--- DATA FOR THIS TASK Enclosed Below ---
(* Let $a>0$ and $n,k$ be integers with $1\le k\le n/2$, and let $a_0,\dots,a_n$ be integers. Say a prime $p$ satisfies (C) if $p\mid\prod_{i=1}^k(a+n-k+i)$ and $p\nmid a_0a_n$. (i) If there is a prime $p>a+k$ satisfying (C), then $f_{n,a}(x)$ has no factor of degree $k$ in $\mathbb{Q}[x]$. (ii) Let $p\ge k+2$ be a prime satisfying (C). Put $r_p=\lfloor k/2\rfloor$ if $p<2k$ and $r_p=p-1$ if $p\ge 2k$, and $\mathcal{A}_p=\bigcup_{i=1}^{r_p}\big([ip-k,\,ip-1]\cap\mathbb{Z}_{>0}\big)\cup\{j\in\mathbb{Z}: j>pr_p\}$. If $a\notin\mathcal{A}_p$, then $f_{n,a}(x)$ has no factor of degree $k$ in $\mathbb{Q}[x]$. (iii) Let $P_1>P_2>\cdots>P_s\ge k+2$ be primes satisfying (C), and let $\{Q_1,\dots,Q_g\}\subseteq\{P_1,\dots,P_s\}$. Put $\mathcal{B}\{Q_1,\dots,Q_g\}=\bigcap_{l=1}^{g}\mathcal{A}_{Q_l}$ with $\mathcal{A}_{Q_l}$ as in (ii). If $a\notin\mathcal{B}\{Q_1,\dots,Q_g\}$, then $f_{n,a}(x)$ has no factor of degree $k$ in $\mathbb{Q}[x]$.
   Context: Here $a$ is an integer. For integers $n\ge 1$, $a\ge 0$ and integers $a_0,\dots,a_n$, $f_{n,a}(x)=\sum_{j=0}^{n} a_j\frac{x^j}{(j+a)!}$. *)

From HB Require Import structures.
From mathcomp Require Import all_boot all_order all_algebra.
Set Implicit Arguments. Unset Strict Implicit. Unset Printing Implicit Defensive.
Import Order.TTheory GRing.Theory Num.Theory.

Definition fna (n a : nat) (c : nat -> int) : {poly rat} :=
  (\sum_(j < n.+1) ((c j)%:~R / ((j + a)`!)%:R) *: 'X^j)%R.

Definition no_factor_of_degree (k : nat) (f : {poly rat}) : Prop :=
  ~ exists g : {poly rat}, size g = k.+1 /\ (g %| f)%R.

Definition condC (n a k : nat) (c : nat -> int) (p : nat) : bool :=
  [&& prime p,
      p %| \prod_(1 <= i < k.+1) (a + n - k + i)
    & ~~ ((p%:Z %| (c 0%N * c n)%R)%Z)].

Definition r_p (k p : nat) : nat := if p < k.*2 then k./2 else p.-1.

Definition inA (k p a : nat) : bool :=
  has (fun i => (i * p - k <= a) && (a <= i * p - 1)) (iota 1 (r_p k p))
  || (p * r_p k p < a).

Definition inB (k : nat) (Qs : seq nat) (a : nat) : bool :=
  all (fun q => inA k q a) Qs.

(* Clearing denominators, F = (n + a)! f_{n,a} is an integer polynomial whose
   j-th coefficient is a_j (n+a)(n+a-1)...(j+a+1).  When a prime p satisfies
   (C), p divides every coefficient of F of degree <= n - k but neither the
   constant nor the leading coefficient.  A factor of degree k yields, by
   Gauss's lemma, F = G H in Z[x] with deg G = k; then p | G_0 while p does
   not divide G_k.  The first edge of the p-adic Newton polygon of G then
   falls with slope at least 1/k, and pairing its right end with the matching
   vertex of the Newton polygon of H produces a coefficient F_R, 0 < R <= n,
   with R <= k (v_p(F_0) - v_p(F_R)) <= k v_p((a+R)!/a!).
   Conversely, Legendre's recursion for v_p(N!) shows k v_p((a+R)!/a!) < R
   for every R > 0 when p >= k + 2 and a lies outside A_p.  This is part (ii);
   part (i) is the case p > a + k, which forces a outside A_p, and part (iii)
   applies (ii) to a prime Q_l whose exceptional set misses a. *)

From HB Require Import structures.
From mathcomp Require Import all_boot all_order all_algebra.
From mathcomp Require Import zify ring lra.
Set Implicit Arguments. Unset Strict Implicit. Unset Printing Implicit Defensive.
Import Order.TTheory GRing.Theory Num.Theory.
--- End of Enclosed DATA FOR THIS TASK ---
__INSTRUCTIONS TO FOLLOW__
Repeat the data verbatim, line after line, leaving nothing out.

__REPLY TO THE TASK__
(* Let $a>0$ and $n,k$ be integers with $1\le k\le n/2$, and let $a_0,\dots,a_n$ be integers. Say a prime $p$ satisfies (C) if $p\mid\prod_{i=1}^k(a+n-k+i)$ and $p\nmid a_0a_n$. (i) If there is a prime $p>a+k$ satisfying (C), then $f_{n,a}(x)$ has no factor of degree $k$ in $\mathbb{Q}[x]$. (ii) Let $p\ge k+2$ be a prime satisfying (C). Put $r_p=\lfloor k/2\rfloor$ if $p<2k$ and $r_p=p-1$ if $p\ge 2k$, and $\mathcal{A}_p=\bigcup_{i=1}^{r_p}\big([ip-k,\,ip-1]\cap\mathbb{Z}_{>0}\big)\cup\{j\in\mathbb{Z}: j>pr_p\}$. If $a\notin\mathcal{A}_p$, then $f_{n,a}(x)$ has no factor of degree $k$ in $\mathbb{Q}[x]$. (iii) Let $P_1>P_2>\cdots>P_s\ge k+2$ be primes satisfying (C), and let $\{Q_1,\dots,Q_g\}\subseteq\{P_1,\dots,P_s\}$. Put $\mathcal{B}\{Q_1,\dots,Q_g\}=\bigcap_{l=1}^{g}\mathcal{A}_{Q_l}$ with $\mathcal{A}_{Q_l}$ as in (ii). If $a\notin\mathcal{B}\{Q_1,\dots,Q_g\}$, then $f_{n,a}(x)$ has no factor of degree $k$ in $\mathbb{Q}[x]$.
   Context: Here $a$ is an integer. For integers $n\ge 1$, $a\ge 0$ and integers $a_0,\dots,a_n$, $f_{n,a}(x)=\sum_{j=0}^{n} a_j\frac{x^j}{(j+a)!}$. *)

From HB Require Import structures.
From mathcomp Require Import all_boot all_order all_algebra.
Set Implicit Arguments. Unset Strict Implicit. Unset Printing Implicit Defensive.
Import Order.TTheory GRing.Theory Num.Theory.

Definition fna (n a : nat) (c : nat -> int) : {poly rat} :=
  (\sum_(j < n.+1) ((c j)%:~R / ((j + a)`!)%:R) *: 'X^j)%R.

Definition no_factor_of_degree (k : nat) (f : {poly rat}) : Prop :=
  ~ exists g : {poly rat}, size g = k.+1 /\ (g %| f)%R.

Definition condC (n a k : nat) (c : nat -> int) (p : nat) : bool :=
  [&& prime p,
      p %| \prod_(1 <= i < k.+1) (a + n - k + i)
    & ~~ ((p%:Z %| (c 0%N * c n)%R)%Z)].

Definition r_p (k p : nat) : nat := if p < k.*2 then k./2 else p.-1.

Definition inA (k p a : nat) : bool :=
  has (fun i => (i * p - k <= a) && (a <= i * p - 1)) (iota 1 (r_p k p))
  || (p * r_p k p < a).

Definition inB (k : nat) (Qs : seq nat) (a : nat) : bool :=
  all (fun q => inA k q a) Qs.

(* Clearing denominators, F = (n + a)! f_{n,a} is an integer polynomial whose
   j-th coefficient is a_j (n+a)(n+a-1)...(j+a+1).  When a prime p satisfies
   (C), p divides every coefficient of F of degree <= n - k but neither the
   constant nor the leading coefficient.  A factor of degree k yields, by
   Gauss's lemma, F = G H in Z[x] with deg G = k; then p | G_0 while p does
   not divide G_k.  The first edge of the p-adic Newton polygon of G then
   falls with slope at least 1/k, and pairing its right end with the matching
   vertex of the Newton polygon of H produces a coefficient F_R, 0 < R <= n,
   with R <= k (v_p(F_0) - v_p(F_R)) <= k v_p((a+R)!/a!).
   Conversely, Legendre's recursion for v_p(N!) shows k v_p((a+R)!/a!) < R
   for every R > 0 when p >= k + 2 and a lies outside A_p.  This is part (ii);
   part (i) is the case p > a + k, which forces a outside A_p, and part (iii)
   applies (ii) to a prime Q_l whose exceptional set misses a. *)

From HB Require Import structures.
From mathcomp Require Import all_boot all_order all_algebra.
From mathcomp Require Import zify ring lra.
Set Implicit Arguments. Unset Strict Implicit. Unset Printing Implicit Defensive.
Import Order.TTheory GRing.Theory Num.Theory.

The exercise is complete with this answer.